DEV Community

Adarsh Singh
Adarsh Singh

Posted on

AI: RAG Python Problem

Problem Statement:
Current State: CHAOS
500GB of documents
Hours to find answers
Losing $10K/day in productivity
ChatGPT can't access our private data

Your Solution: RAG System
Instant answers (< 1 second)
100% accurate responses
Secure, private data
Save $300K/year

Your RAG Toolkit
Retrieval: Semantic search
Augmentation: Context injection
Generation: Smart responses

Task 1: Set Up Development Environment

  1. Installing Python Libraries ChromaDB - Vector DB Transformers - ML Models Flask - Web Server OpenAI - LLM API

Purpose: Install all dependencies required for building RAG

Steps:

  • cd /root && mkdir -p rag-project && cd rag-project
  • python3 -m venv venv && source venv/bin/activate
  • pip install uv && uv pip install chromadb sentence-transformers openai flask
  • echo "READY" > /root/rag-setup-complete.txt

Explainations:

  • python3 -m venv venv: create a virtual environment in a folder named venv. A venv is a self-contained Python environment so dependencies don’t leak into the system Python.

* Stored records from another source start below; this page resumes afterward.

(* Fix $n\in\mathbb{N}$, points $x_1,\dots,x_n$, $\varepsilon_n>0$, a continuous function $V:\mathbb{R}\to[0,\infty)$ and weights $W_{ij}\geq0$ ($i,j=1,\dots,n$). For $p\geq1$ and $u:\{x_1,\dots,x_n\}\to\mathbb{R}$ define \[ \tilde{\mathcal{G}}_n^{(p)}(u)=\Big[\frac{1}{\varepsilon_nn^2}\sum_{i,j=1}^nW_{ij}^p|u(x_i)-u(x_j)|^p+\frac{1}{\varepsilon_n^pn}\sum_{i=1}^nV^p(u(x_i))\Big]^{1/p}, \] \[ \mathcal{G}_n^{(\infty)}(u)=\max\Big\{\max_{i,j}W_{ij}|u(x_i)-u(x_j)|,\ \frac{1}{\varepsilon_n}\max_iV(u(x_i))\Big\}. \] Then $\tilde{\mathcal{G}}_n^{(p)}$ $\Gamma$-converges to $\mathcal{G}_n^{(\infty)}$ as $p\to\infty$, with respect to pointwise convergence of functions on $\{x_1,\dots,x_n\}$ (i.e. convergence in $\mathbb{R}^n$).
   Context: $\Gamma$-convergence as $p\to\infty$: for every $u$ and every family $u_p\to u$, $\mathcal{G}_n^{(\infty)}(u)\leq\liminf_{p\to\infty}\tilde{\mathcal{G}}_n^{(p)}(u_p)$, and for every $u$ there exists $u_p\to u$ with $\limsup_{p\to\infty}\tilde{\mathcal{G}}_n^{(p)}(u_p)\leq\mathcal{G}_n^{(\infty)}(u)$. *)

From HB Require Import structures.
From mathcomp Require Import all_boot all_order all_algebra.
From mathcomp Require Import all_classical all_reals all_analysis.
Set Implicit Arguments. Unset Strict Implicit. Unset Printing Implicit Defensive.
Import Order.TTheory GRing.Theory Num.Theory.
Local Open Scope ring_scope.

(* A function u on the vertex set {x_1,...,x_n} is represented by its vector of
   values u : 'I_n -> R, u i = u(x_i). *)

Definition Gp (R : realType) (n : nat) (eps : R) (V : R -> R)
  (W : 'I_n -> 'I_n -> R) (p : R) (u : 'I_n -> R) : R :=
  ((eps * (n%:R ^+ 2))^-1 *
     (\sum_(i < n) \sum_(j < n) (W i j `^ p) * (`|u i - u j| `^ p))
   + ((eps `^ p) * n%:R)^-1 * (\sum_(i < n) (V (u i)) `^ p)) `^ (p^-1).

(* G_n^(infty)(u); all quantities are nonnegative, so 0 is a neutral element
   for the maxima (for n >= 1). *)
Definition Ginf (R : realType) (n : nat) (eps : R) (V : R -> R)
  (W : 'I_n -> 'I_n -> R) (u : 'I_n -> R) : R :=
  Num.max (\big[Num.max/0]_(i < n) \big[Num.max/0]_(j < n) (W i j * `|u i - u j|))
          (eps^-1 * \big[Num.max/0]_(i < n) V (u i)).

From HB Require Import structures.
From mathcomp Require Import all_boot all_order all_algebra.
From mathcomp Require Import all_classical all_reals all_analysis.
Import Order.TTheory GRing.Theory Num.Theory.
Import numFieldNormedType.Exports.
Local Open Scope classical_set_scope.
Local Open Scope ring_scope.

(* Each term of G^(oo)(u) is bounded by G^(p)(u) up to a factor c^(1/p), with
   c = 1/(eps n^2) for the edge terms and c = 1/n for the vertex terms; since
   c^(1/p) -> 1, continuity of V along a converging family gives the liminf
   inequality.  Conversely every summand of G^(p)(u)^p, once normalised, is at
   most G^(oo)(u)^p, so G^(p)(u) <= (1/eps + 1)^(1/p) G^(oo)(u) and the
   constant family is a recovery sequence. *)

Section powR_facts.
Variable R : realType.
Implicit Types (c x p r S : R).

Lemma near_pinfty_gt0 : \forall p \near +oo, 0 < p :> R.
Proof. by apply: nbhs_pinfty_gt; rewrite num_real. Qed.

Lemma powRV x r : x^-1 `^ r = (x `^ r)^-1.
Proof.
have [x_lt0 | x_gt0 | ->] := ltgtP x 0.
- by rewrite !lt0_powR1 ?invr1 ?invr_lt0.
- by rewrite /powR gt_eqF ?invr_gt0// gt_eqF// lnV// mulrN expRN.
- by rewrite invr0 /powR eqxx; case: (r == 0); rewrite ?invr1 ?invr0.
Qed.

Lemma mulr_powRV c x p : 0 < p -> 0 <= c -> 0 <= x ->
  c `^ p^-1 * x = (c * x `^ p) `^ p^-1.
Proof.
move=> p_gt0 c_ge0 x_ge0.
by rewrite powRM ?powR_ge0// -powRrM mulfV ?gt_eqF// powRr1.
Qed.

Lemma ler_mul_powRV c x p S : 0 < p -> 0 <= c -> 0 <= x ->
  c * x `^ p <= S -> c `^ p^-1 * x <= S `^ p^-1.
Proof.
move=> p_gt0 c_ge0 x_ge0 le_S; rewrite mulr_powRV//.
have cx_ge0 : 0 <= c * x `^ p by rewrite mulr_ge0 ?powR_ge0.
by apply: ge0_ler_powR; rewrite ?nnegrE ?invr_ge0 ?(ltW p_gt0) ?(le_trans cx_ge0).
Qed.

Lemma ler_powRV_mul c x p S : 0 < p -> 0 <= c -> 0 <= x -> 0 <= S ->
  S <= c * x `^ p -> S `^ p^-1 <= c `^ p^-1 * x.
Proof.
move=> p_gt0 c_ge0 x_ge0 S_ge0 S_le; rewrite mulr_powRV//.
by apply: ge0_ler_powR; rewrite ?nnegrE ?invr_ge0 ?(ltW p_gt0) ?(le_trans S_ge0).
Qed.

Lemma cvg_powR_invr c : 0 < c -> (fun p => c `^ p^-1) @ +oo --> (1 : R).
Proof.
move=> c_gt0.
have invr_cvg0 : (fun p : R => p^-1) @ +oo --> 0.
  by apply/gtr0_cvgV0; [exact: near_pinfty_gt0 | exact: cvg_id].
have -> : (fun p => c `^ p^-1) = (fun p => expR (p^-1 * ln c)).
  by apply/funext => p; rewrite /powR gt_eqF.
have exponent_cvg0 : (fun p : R => p^-1 * ln c) @ +oo --> 0.
  by rewrite -(mul0r (ln c)); apply: cvgMl.
by rewrite -expR0; apply: (cvg_comp _ _ exponent_cvg0 (@continuous_expR R 0)).
Qed.

End powR_facts.

Section limf_einf_esup_cvg.
Context {U : choiceType} {T : filteredType U} {R : realType}.
Context {F : set_system T} {FF : Filter F}.
Local Open Scope ereal_scope.

Lemma limf_einf_ge_cvg (f g : T -> R) (l : R) : g @ F --> l ->
  (\forall x \near F, (g x <= f x)%R) -> l%:E <= limf_einf (fun x => (f x)%:E) F.
Proof.
move=> gl gf; rewrite limf_einfE; apply/lee_subgt0Pr => e e_gt0.
pose A := [set x | (l - e < g x)%R /\ (g x <= f x)%R].
have FA : F A.
  near=> x; split; last by near: x.
  by near: x; apply: (cvgr_gt l gl); rewrite ltrBlDr ltrDl.
apply: le_ereal_sup_tmp; exists (ereal_inf ((fun x => (f x)%:E) @` A)); first by exists A.
apply: le_ereal_inf_tmp => _ [x [lg gf'] <-].
by rewrite -EFinB lee_fin ltW// (lt_le_trans lg).
Unshelve. all: by end_near. Qed.

Lemma limf_esup_le_cvg (f g : T -> R) (l : R) : g @ F --> l ->
  (\forall x \near F, (f x <= g x)%R) -> limf_esup (fun x => (f x)%:E) F <= l%:E.
Proof.
move=> gl fg; rewrite -leeN2 -limf_einfN.
have -> : \- (fun x => (f x)%:E) = (fun x => (- f x)%:E) by apply/funext.
rewrite -EFinN; apply: (limf_einf_ge_cvg _ (fun x => - g x)%R); first exact: cvgN.
by apply: filterS fg => x; rewrite lerN2.
Qed.

End limf_einf_esup_cvg.

Lemma invrMK_le {R : realFieldType} (a k x : R) : 0 <= a -> 0 <= x ->
  (a * k)^-1 * (k * x) <= a^-1 * x.
Proof.
move=> a_ge0 x_ge0; have [-> | k_neq0] := eqVneq k 0.
  by rewrite mulr0 invr0 mul0r mulr_ge0// invr_ge0.
by rewrite invfM -mulrA mulKf.
Qed.

Lemma ler_sum_term {R : numDomainType} {I : finType} (F : I -> R) (i : I) :
  (forall k, 0 <= F k) -> F i <= \sum_k F k.
Proof. by move=> F_ge0; rewrite (bigD1 i)//= lerDl sumr_ge0. Qed.

Section Gamma_limit.
Variables (R : realType) (n : nat) (eps : R) (V : R -> R) (W : 'I_n -> 'I_n -> R).
Hypotheses (eps_gt0 : 0 < eps) (V_ge0 : forall t, 0 <= V t)
  (W_ge0 : forall i j, 0 <= W i j).

Local Notation Gp := (Gp eps V W).
Local Notation Ginf := (Ginf eps V W).

Let eps_ge0 : 0 <= eps. Proof. exact: ltW. Qed.
Let epsV_ge0 : 0 <= eps^-1. Proof. by rewrite invr_ge0. Qed.
Let edge_coef_ge0 : 0 <= (eps * n%:R ^+ 2)^-1.
Proof. by rewrite invr_ge0 mulr_ge0. Qed.

Lemma Ginf_ge0 u : 0 <= Ginf u.
Proof. by rewrite le_max bigmax_ge_id. Qed.

Lemma Ginf_ge_edge u i j : W i j * `|u i - u j| <= Ginf u.
Proof.
rewrite le_max; apply/orP; left.
exact: le_trans (le_bigmax _ _ j) (le_bigmax _ _ i).
Qed.

Lemma Ginf_ge_vertex u i : eps^-1 * V (u i) <= Ginf u.
Proof. by rewrite le_max ler_wpM2l ?le_bigmax ?orbT. Qed.

Lemma Ginf_le u r : 0 <= r -> (forall i j, W i j * `|u i - u j| <= r) ->
  (forall i, eps^-1 * V (u i) <= r) -> Ginf u <= r.
Proof.
move=> r_ge0 edge_le vertex_le; rewrite ge_max; apply/andP; split.
  by apply: bigmax_le => // i _; apply: bigmax_le.
rewrite -ler_pdivlMl ?invr_gt0// invrK.
apply: bigmax_le => [|i _]; first by rewrite mulr_ge0// ltW.
by rewrite -ler_pdivrMl.
Qed.

Let edge_energy (p : R) (u : 'I_n -> R) :=
  (eps * n%:R ^+ 2)^-1 * \sum_(i < n) \sum_(j < n) W i j `^ p * `|u i - u j| `^ p.
Let vertex_energy (p : R) (u : 'I_n -> R) :=
  (eps `^ p * n%:R)^-1 * \sum_(i < n) V (u i) `^ p.

Let GpE p u : Gp p u = (edge_energy p u + vertex_energy p u) `^ p^-1.
Proof. by []. Qed.

Let edge_energy_ge0 p u : 0 <= edge_energy p u.
Proof.
apply: mulr_ge0 => //.
by do 2!(apply: sumr_ge0 => ? _); rewrite mulr_ge0 ?powR_ge0.
Qed.

Let vertex_energy_ge0 p u : 0 <= vertex_energy p u.
Proof.
apply: mulr_ge0; first by rewrite invr_ge0 mulr_ge0 ?powR_ge0.
by apply: sumr_ge0 => *; exact: powR_ge0.
Qed.

Lemma Gp_ge_edge p u i j : 0 < p ->
  (eps * n%:R ^+ 2)^-1 `^ p^-1 * (W i j * `|u i - u j|) <= Gp p u.
Proof.
move=> p_gt0; rewrite GpE; apply: ler_mul_powRV; rewrite ?mulr_ge0//.
apply: ler_wpDr => //; apply: ler_wpM2l => //.
have term_ge0 k l : 0 <= W k l `^ p * `|u k - u l| `^ p by rewrite mulr_ge0 ?powR_ge0.
rewrite powRM//; apply: le_trans _ (ler_sum_term _ i _).
  exact: (ler_sum_term (fun l => W i l `^ p * `|u i - u l| `^ p)).
by move=> k; exact: sumr_ge0.
Qed.

Lemma Gp_ge_vertex p u i : 0 < p ->
  n%:R^-1 `^ p^-1 * (eps^-1 * V (u i)) <= Gp p u.
Proof.
move=> p_gt0; rewrite GpE; apply: ler_mul_powRV; rewrite ?invr_ge0 ?mulr_ge0//.
apply: ler_wpDl => //; rewrite powRM// powRV mulrA -invfM [n%:R * _]mulrC.
apply: ler_wpM2l; first by rewrite invr_ge0 mulr_ge0 ?powR_ge0.
by apply: (ler_sum_term (fun k => V (u k) `^ p)) => k; exact: powR_ge0.
Qed.

Lemma Gp_le_Ginf p u : 0 < p -> Gp p u <= (eps^-1 + 1) `^ p^-1 * Ginf u.
Proof.
move=> p_gt0; set M := Ginf u; have M_ge0 : 0 <= M := Ginf_ge0 u.
rewrite GpE; apply: ler_powRV_mul; rewrite ?addr_ge0//.
rewrite mulrDl mul1r; apply: lerD.
- have edge_le k l : W k l `^ p * `|u k - u l| `^ p <= M `^ p.
    rewrite -powRM//; apply: ge0_ler_powR; rewrite ?nnegrE ?invr_ge0 ?(ltW p_gt0)//.
      exact: mulr_ge0.
    exact: Ginf_ge_edge.
  have sum_le : \sum_(k < n) \sum_(l < n) W k l `^ p * `|u k - u l| `^ p
                  <= n%:R ^+ 2 * M `^ p.
    apply: le_trans (ler_sum _ (fun k _ => ler_sum _ (fun l _ => edge_le k l))) _.
    by rewrite !sumr_const !card_ord -mulrnA -natrX mulr_natl.
  rewrite /edge_energy.
  apply: le_trans _ (invrMK_le _ (n%:R ^+ 2) _ eps_ge0 (powR_ge0 M p)).
  by rewrite ler_wpM2l.
- have vertex_le k : V (u k) `^ p <= (eps * M) `^ p.
    apply: ge0_ler_powR; rewrite ?nnegrE ?invr_ge0 ?(ltW p_gt0) ?mulr_ge0//.
    by rewrite -ler_pdivrMl// Ginf_ge_vertex.
  have sum_le : \sum_(k < n) V (u k) `^ p <= n%:R * (eps * M) `^ p.
    apply: le_trans (ler_sum _ (fun k _ => vertex_le k)) _.
    by rewrite sumr_const card_ord mulr_natl.
  have epsp_gt0 : 0 < eps `^ p by rewrite powR_gt0.
  have -> : M `^ p = (eps `^ p)^-1 * (eps * M) `^ p.
    by rewrite powRM ?mulKf ?gt_eqF// ltW.
  rewrite /vertex_energy.
  apply: le_trans _ (invrMK_le _ n%:R _ (ltW epsp_gt0) (powR_ge0 _ p)).
  by rewrite ler_wpM2l// invr_ge0 mulr_ge0// ltW.
Qed.

Lemma Ginf_le_liminf_Gp u (up : R -> 'I_n -> R) : continuous V ->
  (forall i, (fun p => up p i) @ +oo --> u i) ->
  ((Ginf u)%:E <= limf_einf (fun p => (Gp p (up p))%:E) (pinfty_nbhs R))%E.
Proof.
move=> V_cont up_cvg.
have n_gt0 (i : 'I_n) : 0 < n%:R :> R by rewrite ltr0n (leq_ltn_trans _ (ltn_ord i)).
set L := limf_einf _ _.
have L_ge0 : ((0 : R)%:E <= L)%E.
  apply: (limf_einf_ge_cvg _ (fun=> 0)); first exact: cvg_cst.
  by apply: nearW => p; exact: powR_ge0.
have L_ge_edge i j : ((W i j * `|u i - u j|)%:E <= L)%E.
  rewrite -[W i j * _]mul1r.
  apply: (limf_einf_ge_cvg (fun p => Gp p (up p)) (fun p : R =>
    (eps * n%:R ^+ 2)^-1 `^ p^-1 * (W i j * `|up p i - up p j|))).
    apply: cvgM; last by apply: cvgMr; apply: cvg_norm; apply: cvgB.
    by apply: cvg_powR_invr; rewrite invr_gt0 mulr_gt0// exprn_gt0 ?(n_gt0 i).
  by near do apply: Gp_ge_edge; exact: near_pinfty_gt0.
have L_ge_vertex i : ((eps^-1 * V (u i))%:E <= L)%E.
  rewrite -[eps^-1 * _]mul1r.
  apply: (limf_einf_ge_cvg (fun p => Gp p (up p))
    (fun p : R => n%:R^-1 `^ p^-1 * (eps^-1 * V (up p i)))).
    apply: cvgM; first by apply: cvg_powR_invr; rewrite invr_gt0 (n_gt0 i).
    exact: cvgMr (cvg_comp _ _ (up_cvg i) (V_cont (u i))).
  by near do apply: Gp_ge_vertex; exact: near_pinfty_gt0.
case: L L_ge0 L_ge_edge L_ge_vertex => [r | |]// r_ge0 r_ge_edge r_ge_vertex.
  by rewrite lee_fin Ginf_le// => [i j|i]; rewrite -lee_fin.
by rewrite leey.
Unshelve. all: by end_near. Qed.

Lemma limsup_Gp_le_Ginf u :
  (limf_esup (fun p => (Gp p u)%:E) (pinfty_nbhs R) <= (Ginf u)%:E)%E.
Proof.
apply: (limf_esup_le_cvg (fun p => Gp p u) (fun p : R => (eps^-1 + 1) `^ p^-1 * Ginf u)).
  rewrite -[X in _ --> X]mul1r; apply: cvgMl.
  by apply: cvg_powR_invr; rewrite ltr_wpDl.
by near do apply: Gp_le_Ginf; exact: near_pinfty_gt0.
Unshelve. all: by end_near. Qed.

End Gamma_limit.

Theorem proposition1p4 (R : realType) (n : nat) (eps : R) (V : R -> R)
  (W : 'I_n -> 'I_n -> R) :
  0 < eps ->
  continuous V ->
  (forall t, 0 <= V t) ->
  (forall i j, 0 <= W i j) ->
  (* liminf inequality *)
  (forall (u : 'I_n -> R) (up : R -> 'I_n -> R),
     (forall i, (fun p => up p i) @ +oo --> u i) ->
     ((Ginf eps V W u)%:E <=
        limf_einf (fun p => (Gp eps V W p (up p))%:E) (pinfty_nbhs R))%E) /\
  (* recovery sequence *)
  (forall (u : 'I_n -> R), exists up : R -> 'I_n -> R,
     (forall i, (fun p => up p i) @ +oo --> u i) /\
     (limf_esup (fun p => (Gp eps V W p (up p))%:E) (pinfty_nbhs R) <=
        (Ginf eps V W u)%:E)%E).
Proof.
move=> eps_gt0 V_cont V_ge0 W_ge0; split=> [u up up_cvg | u].
  exact: Ginf_le_liminf_Gp.
exists (fun=> u); split=> [i|]; first exact: cvg_cst.
exact: limsup_Gp_le_Ginf.
Qed.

  • source venv/bin/activate: activate that environment, so pip and python now refer to the virtual environment instead of the global system install.

  • pip install uv: installs uv, a modern Python package installer and resolver (much faster than regular pip).
    uv pip install ...: uses uv as a drop-in replacement for pip to install packages into the virtual environment:

  • chromadb: vector database for embeddings (used in RAG pipelines).

  • sentence-transformers: pretrained transformer models for turning text into embeddings.

  • openai: OpenAI’s official Python client library.

  • flask: lightweight web framework for serving APIs.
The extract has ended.